Telix Pharmaceuticals Limited has announced the dosing of the first patient in its Phase II CA-NINE trial, evaluating TLX250-CDx (89Zr-girentuximab) for the detection of recurrent clear cell renal cell carcinoma (ccRCC) following surgery. The trial, led by Professor Brian Shuch at UCLA, aims to compare the diagnostic performance of TLX250-CDx PET/CT imaging to conventional contrast-enhanced CT in 91 patients with intermediate-to-high risk ccRCC. This study could pave the way for label expansion of TLX250-CDx, offering a more accurate method for identifying recurrent and metastatic ccRCC.
CA-NINE Trial Design and Objectives
The CA-NINE trial (NCT06447103) is a prospective, single-center study designed to assess the lesion detection rate of TLX250-CDx PET/CT compared to contrast-enhanced CT. Secondary outcome measures include the incidence of adverse events, positive predictive value, recurrence-free survival, and changes in clinical management based on PET/CT findings. Patients will receive TLX250-CDx intravenously, followed by PET/CT and contrast-enhanced CT scans.
TLX250-CDx: Targeting CAIX in ccRCC
TLX250-CDx is an investigational PET agent that targets carbonic anhydrase IX (CAIX), a biomarker highly expressed in ccRCC. This targeted approach allows for enhanced detection of ccRCC, potentially improving the characterization of indeterminate renal masses and identifying sites of recurrent disease. Professor Shuch emphasized that metastatic ccRCC also expresses the CAIX biomarker, suggesting potential utility beyond localized ccRCC.

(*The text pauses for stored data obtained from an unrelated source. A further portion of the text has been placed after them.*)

Lemma generators_when_one : S 1 -> perm_eq A [:: 1].
Proof.
move=> S1; have Sall n : S n by apply: (multiples_sub HS S1); rewrite inE dvd1n.
have A1 a : a \in A -> a = 1.
  move=> aA; have [a_pos aS] := generator_atom aA.
  apply/eqP; rewrite eqn_leq a_pos andbT leqNgt; apply/negP => a_gt1.
  by case/negP: (aS 1 a_gt1 (Sall 1)).
have [Auniq AS _] := HA.
have oneA : 1 \in A.
  have [c] := (AS 1).1 S1; case: A A1 => [|x r] A1; first by rewrite /phi big_ord0.
  by rewrite -(A1 x) ?mem_head.
apply: uniq_perm => // y; rewrite mem_seq1.
by apply/idP/eqP => [/A1 //|->].
Qed.

End Generators.

Section Counting.
Local Open Scope ring_scope.

Lemma nfact_coef (A : seq nat) s :
  (nfact A s)%:R = (\prod_(a <- A) geom_trunc a s)`_s :> int.
Proof.
rewrite (big_nth 0%N) big_mkord /geom_trunc bigA_distr_bigA /= coef_sum.
under eq_bigr do rewrite prodrXr coefXn.
rewrite /nfact cardsE -sum1_card natr_sum big_mkcond /=.
apply: eq_bigr => c _; rewrite unfold_in eq_sym.
rewrite (eq_bigr (fun i : 'I_(size A) => nth 0 A i * c i)%N) => [|i _]; last exact: mulnC.
by rewrite -[eqn _ _]/(_ == _); case: eqP.
Qed.

Lemma prod_geom_beyond (A : seq nat) s :
  eq_upto s (\prod_(a <- A | ~~ (a <= s)%N) geom_trunc a s) 1.
Proof.
apply: eq_upto_from; apply: unitary_prod (submonoid_from _) _ => a _.
rewrite -ltnNge => a_gt.
apply: unitary_sub (unitary_geom _ (leq_ltn_trans (leq0n s) a_gt)) => i /multiples_from.
by rewrite !inE => /orP[->//|ai]; rewrite (leq_trans a_gt ai) orbT.
Qed.

Lemma nfact0 (A : seq nat) : nfact A 0 = 1%N.
Proof.
apply/eqP; rewrite -(eqr_nat int) nfact_coef big1 ?coef1 // => a _.
by rewrite /geom_trunc big_ord1 muln0 expr0.
Qed.

Lemma nfact_one_in (S : pred nat) (A : seq nat) s :
  submonoid S -> minimal_generating_set S A -> S 1%N -> nfact A s = 1%N.
Proof.
move=> HS HA S1; apply/eqP; rewrite -(eqr_nat int) nfact_coef.
by rewrite (perm_big _ (generators_when_one HS HA S1)) big_seq1 coef_geom ?dvd1n.
Qed.

End Counting.

Section Exponents.
Local Open Scope ring_scope.
Variables (S : pred nat) (A : seq nat) (e : nat -> int) (s : nat).
Hypothesis HS : submonoid S.
Hypothesis HA : minimal_generating_set S A.
Hypothesis He : cyclotomic_exponents S e.
Hypothesis S1 : ~~ S 1%N.
Hypothesis s_pos : (0 < s)%N.

Let c j := cyc_factor s j (e j).
Let H : {poly int} := \sum_(u < s.+1 | S u) 'X^u.
Let P := \prod_(2 <= j < s.+1 | S j) c j.
Let Q := \prod_(2 <= j < s.+1 | ~~ S j) c j.

Lemma coef_H i : (i <= s)%N -> H`_i = (S i)%:R.
Proof.
move=> i_le; rewrite coef_sum; under eq_bigr do rewrite coefXn.
case: (boolP (S i)) => Si; last first.
  by rewrite big1 // => k Sk; case: eqP => // ik; case/negP: Si; rewrite ik.
have i_lt : (i < s.+1)%N by [].
rewrite (bigD1 (Ordinal i_lt)) //= eqxx big1 ?addr0 // => k /andP[_ ki].
by case: eqP => // ik; case/eqP: ki; apply: val_inj.
Qed.

Lemma unitary_c (M : pred nat) j :
  (0 < j)%N -> {subset multiples j <= M} -> unitary M (c j).
Proof. by move=> j_pos jM; apply: unitary_sub jM (unitary_cyc _ _ j_pos). Qed.

Lemma coef_c_nondiv j t : (0 < j)%N -> ~~ (j %| t)%N -> (c j)`_t = 0.
Proof. by move=> j_pos jt; apply: coef_unsupported (unitary_cyc s (e j) j_pos).1 _. Qed.

(* Comparing coefficients of x^1 in the defining identity: e_1 = 1. *)
Lemma exponent_one : e 1%N = 1.
Proof.
have := eq_upto_trunc (He s) s_pos.
rewrite mulrBl mul1r coefB coefXM /= !coef_H // (negbTE S1).
have [S0 _] := HS; rewrite S0.
have N_monoid : submonoid predT by [].
have one_atom : atom predT 1 by split=> // k; lia.
rewrite (coef_prod_atom N_monoid one_atom); last first.
  by move=> j; rewrite mem_index_iota => /andP[j_pos _] _; apply: unitary_c.
rewrite big_ltn // big_nat_cond big1 ?addr0 => [|j /andP[/andP[j_gt1 _] _]].
  by rewrite coef_cyc // sub0r => /oppr_inj.
by apply: coef_c_nondiv; rewrite ?(ltnW j_gt1) ?dvdn1 ?gtn_eqF.
Qed.

(* Modulo x^(s+1), H = P * Q: the factor 1 - x = c_1 cancels. *)
Lemma hilbert_split : eq_upto s H (P * Q).
Proof.
apply: eq_upto_cancel1subX => i i_le.
by rewrite (eq_upto_trunc (He s)) // big_ltn // /c exponent_one cyc1 (bigID S).
Qed.

Lemma P_factor j : j \in index_iota 2 s.+1 -> S j -> unitary S (c j).
Proof.
rewrite mem_index_iota => /andP[j_gt1 _] Sj.
exact: unitary_c (ltnW j_gt1) (multiples_sub HS Sj).
Qed.

(* Every gap m >= 2 of S below s has exponent 0.  By induction on m, the factors
   of Q are series in x^0 and x^m, x^(m+1), ...; comparing coefficients of x^m
   in H = P * Q gives 0 = -e_m. *)
Lemma gap_exponent m : (2 <= m <= s)%N -> ~~ S m -> e m = 0.
Proof.
elim/ltn_ind: m => m IH /andP[m_gt1 m_le] Sm; have m_pos := ltnW m_gt1.
have c_off j : j \in index_iota 2 s.+1 -> ~~ S j -> j != m -> (c j)`_m = 0.
  rewrite mem_index_iota => jr Sj jm; have /andP[j_gt1 _] := jr.
  case: (ltngtP j m) => [j_lt|j_gt|/eqP].
  - by rewrite /c (IH j j_lt jr Sj) cyc0 coef1 gtn_eqF.
  - apply: coef_c_nondiv (ltnW j_gt1) _; apply/negP => /(dvdn_leq m_pos).
    by rewrite leqNgt j_gt.
  - by rewrite (negbTE jm).
have Q_from j : j \in index_iota 2 s.+1 -> ~~ S j -> unitary (from m) (c j).
  rewrite mem_index_iota => jr Sj; have /andP[j_gt1 _] := jr.
  case: (ltnP j m) => [jm|mj].
    by rewrite /c (IH j jm jr Sj) cyc0; apply: unitary1 (submonoid_from m).
  apply: unitary_c (ltnW j_gt1) _ => i /multiples_from; rewrite !inE.
  by case/orP=> [->//|ji]; rewrite (leq_trans mj ji) orbT.
have [QM Q0] : unitary (from m) Q by apply: unitary_prod (submonoid_from m) Q_from.
have [PS P0] : unitary S P := unitary_prod HS P_factor.
have := hilbert_split m_le; rewrite coef_H // (negbTE Sm).
rewrite coefM_ends // => [|k /andP[k_pos km]]; last first.
  rewrite (coef_unsupported QM) ?mulr0 // /from /= negb_or subn_eq0 -!ltnNge km.
  by rewrite ltn_subrL k_pos.
rewrite P0 Q0 (coef_unsupported PS Sm) mul0r addr0 mul1r.
rewrite (coef_prod_atom (submonoid_from m) (atom_from m_pos) Q_from).
rewrite (sum_single (iota_uniq _ _) _ Sm c_off); last by rewrite mem_index_iota m_gt1.
by rewrite coef_cyc // => /esym/eqP; rewrite oppr_eq0 => /eqP.
Qed.

Lemma hilbert_eq : eq_upto s H P.
Proof.
have -> : P = P * Q.
  rewrite [Q]big_seq_cond big1 ?mulr1 // => j /andP[jr Sj].
  by rewrite mem_index_iota in jr; rewrite /c gap_exponent ?cyc0.
exact: hilbert_split.
Qed.

Lemma generator_gt1 a : a \in A -> (1 < a)%N.
Proof.
move=> aA; rewrite ltn_neqAle eq_sym (generator_pos HS HA aA) andbT.
by apply: contraNneq S1 => <-; apply: (mem_generators HA aA).
Qed.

Prior Clinical Evidence: ZIRCON Trial
Telix's pivotal Phase III ZIRCON trial (NCT03849118) demonstrated the accuracy of TLX250-CDx in diagnosing localized ccRCC. The trial, involving 300 patients, showed 86% sensitivity and 87% specificity, with a 93% positive-predictive value for ccRCC across three independent readers, as published in Lancet Oncology. These results indicate that TLX250-CDx can reliably detect the clear cell phenotype, providing a non-invasive method for diagnosing ccRCC.
Clinical Significance and Future Implications
Early and accurate detection of recurrent ccRCC is critical for improving patient outcomes. Associate Professor Jeremie Calais noted the limitations of conventional imaging in staging patients and expressed hope that TLX250-CDx will improve patient outcomes by identifying recurrent ccRCC outside of the kidney. Dr. David N. Cade, Chief Medical Officer at Telix, highlighted that the CA-NINE trial supports potential label expansion for TLX250-CDx into recurrent, metastatic disease, addressing a significant unmet medical need in kidney cancer.
Regulatory Status and Access Programs
Telix is seeking approval for TLX250-CDx in the United States for characterizing indeterminate renal masses suspicious of ccRCC. While the FDA issued a complete response letter citing manufacturing concerns, Telix is working to resubmit the BLA. In the meantime, Telix continues to offer access to TLX250-CDx through expanded access programs in the U.S., named patient programs in Europe, and special access schemes in Australia.